Он хотел было сказать «Ладно, вечером!». Но подумал, что вот так легко он вскользь растопчет ее доверие, и уйдет, и забудет за хлопотами дня об этой маленькой встрече. А она, возможно, будет его ждать. Вспомнил себя почти в таком же возрасте, те давние мелкие обиды, которые порой долго жили в нем. И он сказал:
— Понимаешь, какая неприятность. Сегодня вечером я обязан быть в другом месте по очень важному делу. Поэтому я и решил поздравить тебя пораньше. Но я обязательно к тебе зайду как-нибудь в другой раз. Ладно?
— Хорошо.
Кольцов пошел дальше. Краем глаза он видел: на пороге появилась женщина, должно быть, мать девочки.
— С кем ты тут?
— Это мой друг, — услышал Кольцов. — Он приходил меня поздравить. Но он не может вечером, у него важное дело…
Павел шел по своей улице, на которой некогда жил, и встреча с этой девчушкий вернула его в то давнее босоногое детство. Он смотрел по сторонам, узнавал и не узнавал их старые дома. Вроде они были тогда повыше и больше, а сейчас словно ссохлись от старости.
Вот в этом доме жил вечно болезненный «очкарик» Валька Овещенко. Он приучил Павла к чтению, и всего Жюль Верна, Майн Рида и Фенимора Купера он прочитал у него в маленькой сараюшке. Там было много сена и веток, впрок заготовленных для козы, и из-за щелей между досками в солнечные дни там было светло до самых сумероек. Выносить книги со двора Вальке не разрешали родители.

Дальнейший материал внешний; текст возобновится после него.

(* Let $1\le i<k<j<n$. Then in ${\boldsymbol U}_{v}(\mathfrak q_n)$ the following hold: \[ \mathsf E_{i,j}=-\mathsf E_{i,k}\mathsf E_{k,j}+v^{-1}\mathsf E_{k,j}\mathsf E_{i,k},\qquad \overline{\mathsf E}_{i,j}=-\mathsf E_{i,k}\overline{\mathsf E}_{k,j}+v^{-1}\overline{\mathsf E}_{k,j}\mathsf E_{i,k}, \] \[ \mathsf E_{j,i}=-\mathsf E_{j,k}\mathsf E_{k,i}+v\,\mathsf E_{k,i}\mathsf E_{j,k},\qquad \overline{\mathsf E}_{j,i}=-\overline{\mathsf E}_{j,k}\mathsf E_{k,i}+v\,\mathsf E_{k,i}\overline{\mathsf E}_{j,k}. \]
   Context: Let $v$ be an indeterminate. The quantum queer superalgebra ${\boldsymbol U}_{v}(\mathfrak q_n)$ is the associative superalgebra over $\mathbb Q(v)$ generated by even generators $\mathsf K_i,\mathsf K_i^{-1}$ ($1\le i\le n$), $\mathsf E_j,\mathsf F_j$ ($1\le j\le n-1$) and odd generators $\mathsf K_{\bar i}$ ($1\le i\le n$), $\mathsf E_{\bar j},\mathsf F_{\bar j}$ ($1\le j\le n-1$), subject to the following relations (indices are taken only where they make sense), where $(\epsilon_i,\alpha_j)=\delta_{i,j}-\delta_{i,j+1}$: (QQ1) $\mathsf K_i\mathsf K_i^{-1}=\mathsf K_i^{-1}\mathsf K_i=1$, $\mathsf K_i\mathsf K_j=\mathsf K_j\mathsf K_i$, $\mathsf K_i\mathsf K_{\bar j}=\mathsf K_{\bar j}\mathsf K_i$, $\mathsf K_{\bar i}\mathsf K_{\bar j}+\mathsf K_{\bar j}\mathsf K_{\bar i}=2\delta_{i,j}\frac{\mathsf K_i^2-\mathsf K_i^{-2}}{v^2-v^{-2}}$. (QQ2) $\mathsf K_i\mathsf E_j=v^{(\epsilon_i,\alpha_j)}\mathsf E_j\mathsf K_i$, $\mathsf K_i\mathsf E_{\bar j}=v^{(\epsilon_i,\alpha_j)}\mathsf E_{\bar j}\mathsf K_i$, $\mathsf K_i\mathsf F_j=v^{-(\epsilon_i,\alpha_j)}\mathsf F_j\mathsf K_i$, $\mathsf K_i\mathsf F_{\bar j}=v^{-(\epsilon_i,\alpha_j)}\mathsf F_{\bar j}\mathsf K_i$. (QQ3) $\mathsf K_{\bar i}\mathsf E_i-v\mathsf E_i\mathsf K_{\bar i}=\mathsf E_{\bar i}\mathsf K_i^{-1}$, $v\mathsf K_{\bar i}\mathsf E_{i-1}-\mathsf E_{i-1}\mathsf K_{\bar i}=-\mathsf K_i^{-1}\mathsf E_{\overline{i-1}}$, $\mathsf K_{\bar i}\mathsf F_i-v\mathsf F_i\mathsf K_{\bar i}=-\mathsf F_{\bar i}\mathsf K_i$, $v\mathsf K_{\bar i}\mathsf F_{i-1}-\mathsf F_{i-1}\mathsf K_{\bar i}=\mathsf K_i\mathsf F_{\overline{i-1}}$, $\mathsf K_{\bar i}\mathsf E_{\bar i}+v\mathsf E_{\bar i}\mathsf K_{\bar i}=\mathsf E_i\mathsf K_i^{-1}$, $v\mathsf K_{\bar i}\mathsf E_{\overline{i-1}}+\mathsf E_{\overline{i-1}}\mathsf K_{\bar i}=\mathsf K_i^{-1}\mathsf E_{i-1}$, $\mathsf K_{\bar i}\mathsf F_{\bar i}+v\mathsf F_{\bar i}\mathsf K_{\bar i}=\mathsf F_i\mathsf K_i$, $v\mathsf K_{\bar i}\mathsf F_{\overline{i-1}}+\mathsf F_{\overline{i-1}}\mathsf K_{\bar i}=\mathsf K_i\mathsf F_{i-1}$, and for $j\ne i,i-1$: $\mathsf K_{\bar i}\mathsf E_j=\mathsf E_j\mathsf K_{\bar i}$, $\mathsf K_{\bar i}\mathsf F_j=\mathsf F_j\mathsf K_{\bar i}$, $\mathsf K_{\bar i}\mathsf E_{\bar j}=-\mathsf E_{\bar j}\mathsf K_{\bar i}$, $\mathsf K_{\bar i}\mathsf F_{\bar j}=-\mathsf F_{\bar j}\mathsf K_{\bar i}$. (QQ4) $\mathsf E_i\mathsf F_j-\mathsf F_j\mathsf E_i=\delta_{i,j}\frac{\mathsf K_i\mathsf K_{i+1}^{-1}-\mathsf K_i^{-1}\mathsf K_{i+1}}{v-v^{-1}}$, $\mathsf E_{\bar i}\mathsf F_{\bar j}+\mathsf F_{\bar j}\mathsf E_{\bar i}=\delta_{i,j}\big(\frac{\mathsf K_i\mathsf K_{i+1}-\mathsf K_i^{-1}\mathsf K_{i+1}^{-1}}{v-v^{-1}}+(v-v^{-1})\mathsf K_{\bar i}\mathsf K_{\overline{i+1}}\big)$, $\mathsf E_i\mathsf F_{\bar j}-\mathsf F_{\bar j}\mathsf E_i=\delta_{i,j}(\mathsf K_{i+1}^{-1}\mathsf K_{\bar i}-\mathsf K_{\overline{i+1}}\mathsf K_i^{-1})$, $\mathsf E_{\bar i}\mathsf F_j-\mathsf F_j\mathsf E_{\bar i}=\delta_{i,j}(\mathsf K_{i+1}\mathsf K_{\bar i}-\mathsf K_{\overline{i+1}}\mathsf K_i)$. (QQ5) $\mathsf E_{\bar i}^2=-\frac{v-v^{-1}}{v+v^{-1}}\mathsf E_i^2$, $\mathsf F_{\bar i}^2=\frac{v-v^{-1}}{v+v^{-1}}\mathsf F_i^2$; for $|i-j|\ne1$: $\mathsf E_i\mathsf E_{\bar j}=\mathsf E_{\bar j}\mathsf E_i$, $\mathsf F_i\mathsf F_{\bar j}=\mathsf F_{\bar j}\mathsf F_i$; for $|i-j|>1$: $\mathsf E_i\mathsf E_j=\mathsf E_j\mathsf E_i$, $\mathsf F_i\mathsf F_j=\mathsf F_j\mathsf F_i$, $\mathsf E_{\bar i}\mathsf E_{\bar j}=-\mathsf E_{\bar j}\mathsf E_{\bar i}$, $\mathsf F_{\bar i}\mathsf F_{\bar j}=-\mathsf F_{\bar j}\mathsf F_{\bar i}$; $\mathsf E_i\mathsf E_{i+1}-v\mathsf E_{i+1}\mathsf E_i=\mathsf E_{\bar i}\mathsf E_{\overline{i+1}}+v\mathsf E_{\overline{i+1}}\mathsf E_{\bar i}$, $\mathsf E_i\mathsf E_{\overline{i+1}}-v\mathsf E_{\overline{i+1}}\mathsf E_i=\mathsf E_{\bar i}\mathsf E_{i+1}-v\mathsf E_{i+1}\mathsf E_{\bar i}$, $\mathsf F_i\mathsf F_{i+1}-v\mathsf F_{i+1}\mathsf F_i=-(\mathsf F_{\bar i}\mathsf F_{\overline{i+1}}+v\mathsf F_{\overline{i+1}}\mathsf F_{\bar i})$, $\mathsf F_i\mathsf F_{\overline{i+1}}-v\mathsf F_{\overline{i+1}}\mathsf F_i=\mathsf F_{\bar i}\mathsf F_{i+1}-v\mathsf F_{i+1}\mathsf F_{\bar i}$. (QQ6) for $|i-j|=1$: $\mathsf E_i^2X-(v+v^{-1})\mathsf E_iX\mathsf E_i+X\mathsf E_i^2=0$ for $X\in\{\mathsf E_j,\mathsf E_{\bar j}\}$ and $\mathsf F_i^2Y-(v+v^{-1})\mathsf F_iY\mathsf F_i+Y\mathsf F_i^2=0$ for $Y\in\{\mathsf F_j,\mathsf F_{\bar j}\}$. Quantum root vectors: for $1\le i\le n-1$ put $\mathsf E_{i,i+1}=\mathsf E_i$, $\overline{\mathsf E}_{i,i+1}=\mathsf E_{\bar i}$, $\mathsf E_{i+1,i}=\mathsf F_i$, $\overline{\mathsf E}_{i+1,i}=\mathsf F_{\bar i}$, and recursively for $i+1<j\le n$: $\mathsf E_{i,j}=-\mathsf E_{i,j-1}\mathsf E_{j-1}+v^{-1}\mathsf E_{j-1}\mathsf E_{i,j-1}$, $\overline{\mathsf E}_{i,j}=-\mathsf E_{i,j-1}\mathsf E_{\overline{j-1}}+v^{-1}\mathsf E_{\overline{j-1}}\mathsf E_{i,j-1}$, $\mathsf E_{j,i}=-\mathsf F_{j-1}\mathsf E_{j-1,i}+v\mathsf E_{j-1,i}\mathsf F_{j-1}$, $\overline{\mathsf E}_{j,i}=-\mathsf F_{\overline{j-1}}\mathsf E_{j-1,i}+v\mathsf E_{j-1,i}\mathsf F_{\overline{j-1}}$. *)

From HB Require Import structures.
From mathcomp Require Import all_boot all_order all_algebra.
From mathcomp Require Import fraction.
Set Implicit Arguments. Unset Strict Implicit. Unset Printing Implicit Defensive.
Import Order.TTheory GRing.Theory Num.Theory.
Local Open Scope ring_scope.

Вальки уже не было в живых. Кольцову кто-то рассказывал, что его повесили слащёвцы, схватив на базаре во время облавы. У него за поясом нашли книжку Фридриха Ницше под названием «Так говорил Заратустра».
— А что он говорил? — спросил у Вальки слащёвский полковник.
— Много всего.
— А ты — самое главное.
— Говорил, что государство — самое холодное из всех самых холодных чудовищ на Земле. «Я, государство, есмь народ», — говорило всем государство.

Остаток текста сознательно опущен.